In that paper, Fenn’s team demonstrated a new method for determining the molecular weight of bulky biomolecules. Squirting a solution of molecules through an electrified nozzle forms a spray of ionized droplets. The solvent surrounding each molecule evaporates to leave single molecular ions, whose mass can be measured by a mass spectrometer.

The photo shows Fenn’s first electrospray ionization mass spectrometer, an invention for which he shared the 2002 Nobel Prize in Chemistry.

Another unexpected spinoff from applied research—again with a naval history—arose from a commission that Lord Rayleigh received in 1917 from the British Admiralty. Why, the admiralty wanted to know, were the rapidly spinning propellers of turbine-driven warships deteriorating so rapidly?

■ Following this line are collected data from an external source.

Definition admissible_modulus (om : R -> R) : Prop :=
  (forall s, 0 <= s -> 0 <= om s) /\
  om 0 = 0 /\
  (forall s, 0 <= s -> forall eps, 0 < eps -> exists delta, 0 < delta /\
     forall t, 0 <= t -> Rabs (t - s) < delta -> Rabs (om t - om s) < eps) /\
  (forall a b l, 0 <= a -> 0 <= b -> 0 <= l <= 1 ->
     l * om a + (1 - l) * om b <= om (l * a + (1 - l) * b)) /\
  (forall a b, 0 <= a -> a <= b -> om a <= om b) /\
  (exists s, 0 <= s /\ om s <> 0).

(* A map f in C_omega fails omega_f = omega exactly when, for some nonnegative
   rationals q and c with c < omega(q), rho (f x) (f y) <= c whenever rho x y <= q.
   The exceptional set is thus covered by countably many sets, each closed for d.
   None of them contains a ball, because d sees f only on bounded sets up to a
   small error, so f may be modified far away from the base point: first f is
   tapered along geodesics to a constant outside a large ball, then a bump
   y |-> G a b (max 0 (A - omega (rho y z))) of height A > c is planted in the ball
   of radius q about a distant point z.  Hyperbolicity and the concavity of omega
   (through the monotonicity of omega(t)/t) keep every intermediate map in C_omega. *)

From Stdlib Require Import Reals Lra Lia Classical ZArith Cantor.
From Coquelicot Require Import Coquelicot.
Open Scope R_scope.

Lemma exists_INR_between r : 0 <= r -> exists n : nat, r < INR n <= r + 1.
Proof.
  intros Hr. destruct (archimed r) as [H1 H2].
  assert (Hz : (0 <= up r)%Z) by (apply le_IZR; lra).
  exists (Z.to_nat (up r)). rewrite INR_IZR_INZ, Z2Nat.id by auto. lra.
Qed.

Lemma last_before_failure (P : nat -> Prop) M : P 0%nat -> ~ P M ->
  exists k, (k < M)%nat /\ P k /\ ~ P (S k).
Proof.
  intros H0. induction M as [|M IH]; intros HM; [contradiction|].
  destruct (classic (P M)) as [HPM|HPM].
  - exists M. auto.
  - destruct (IH HPM) as [k [Hk1 Hk2]]. exists k. split; [lia|auto].
Qed.

(* In the tail of the series defining dist_ub the factor (2/3)^n gets small,
   while the factor (3/4)^n keeps the bounds summable. *)
Lemma inv_pow2_split n : / 2 ^ (S n) = / 2 * ((2 / 3) ^ n * (3 / 4) ^ n).
Proof. rewrite <- Rpow_mult_distr, <- pow_inv. simpl. f_equal. f_equal. field. Qed.

Lemma pow_le1 x n : 0 <= x <= 1 -> 0 <= x ^ n <= 1.
Proof. intros. split; [apply pow_le; lra|]. rewrite <- (pow1 n). apply pow_incr. lra. Qed.

Lemma pow_le_pow_ge x m n : 0 <= x <= 1 -> (m <= n)%nat -> x ^ n <= x ^ m.
Proof.
  intros Hx Hmn. replace n with (m + (n - m))%nat by lia. rewrite pow_add.
  pose proof (pow_le1 x m Hx). pose proof (pow_le1 x (n - m) Hx). nra.
Qed.

Definition nnrat n := INR (fst (Cantor.of_nat n)) / INR (S (snd (Cantor.of_nat n))).

Lemma nnrat_ge0 n : 0 <= nnrat n.
Proof.
  apply Rdiv_le_0_compat; [apply pos_INR|]. apply lt_0_INR. lia.
Qed.

Lemma nnrat_dense l u : 0 <= l < u -> exists n, l < nnrat n < u.
Proof.
  intros Hlu.
  destruct (exists_INR_between (/ (u - l))) as [b [Hb _]].
  { left. apply Rinv_0_lt_compat. lra. }
  assert (Hb1 : 0 < INR (S b)) by (apply lt_0_INR; lia).
  destruct (exists_INR_between (l * INR (S b))) as [a [Ha1 Ha2]]; [nra|].
  exists (Cantor.to_nat (a, b)). unfold nnrat. rewrite Cantor.cancel_of_to. simpl fst; simpl snd.
  assert (Hstep : 1 < (u - l) * INR (S b)).
  { rewrite S_INR. apply (Rmult_lt_compat_l (u - l)) in Hb; [|lra].
    rewrite Rinv_r in Hb by lra. nra. }
  split; apply (Rmult_lt_reg_r (INR (S b))); auto;
    replace (INR a / INR (S b) * INR (S b)) with (INR a) by (field; lra); nra.
Qed.
Lemma strict_mono_reflects {A} (P : A -> Prop) (f g : A -> R) :
  (forall a b, P a -> P b -> f a = f b -> a = b) ->
  (forall a b, P a -> P b -> f a < f b -> g a < g b) ->
  forall a b, P a -> P b -> g a < g b -> f a < f b.
Proof.
  intros Hinj Hmono a b Ha Hb Hg.
  destruct (Rtotal_order (f a) (f b)) as [Hlt | [Hfe | Hgt]]; auto.
  - rewrite (Hinj a b Ha Hb Hfe) in Hg. lra.
  - apply (Hmono b a Hb Ha) in Hgt. lra.
Qed.

Definition same_pattern (M : nat) (tau t : nat -> R) : Prop :=
  pos_vec M t /\ (forall k, inL M t k <-> inL M tau k) /\
  (forall k k', inL M tau k -> inL M tau k' ->
     (dot M k tau < dot M k' tau <-> dot M k t < dot M k' t)).

Lemma same_pattern_intro M tau t : Dist M tau -> pos_vec M t ->
  (forall k, inL M t k <-> inL M tau k) ->
  (forall k k', inL M tau k -> inL M tau k' ->
     dot M k tau < dot M k' tau -> dot M k t < dot M k' t) ->
  same_pattern M tau t.
Proof.
  intros HD Hp HL Hmono. split; [auto | split; [auto |]].
  intros k k' Hk Hk'. split; [apply Hmono; auto |].
  apply (strict_mono_reflects (inL M tau) (fun k => dot M k tau) (fun k => dot M k t)); auto.
Qed.

Lemma same_pattern_refl M tau : pos_vec M tau -> same_pattern M tau tau.
Proof. intros Hp. split; auto. split; intros; tauto. Qed.

Lemma same_pattern_Dist M tau t : Dist M tau -> same_pattern M tau t -> Dist M t.
Proof.
  intros HD [_ [HL HO]] a b Ha Hb E. apply HL in Ha. apply HL in Hb.
  apply (strict_mono_injective (inL M tau) (fun k => dot M k tau) (fun k => dot M k t)); auto.
  intros; apply HO; auto.
Qed.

Rayleigh identified the cause: cavitation. As a ship’s propeller spins, it subjects the surrounding water to rapid and intense changes in pressure. At low pressure, voids—cavities of vapor—form on the propeller surface. At high pressure, the cavities collapse and in doing so direct a jet of liquid at the surface. The cumulative effect of that bombardment eventually creates pits in the propeller’s steel surface.

The formulas that Rayleigh developed to characterize cavitation apply in a quite different and beneficial context: extracorporeal shock wave lithotripsy , the noninvasive destruction of kidney stones using ultrasound.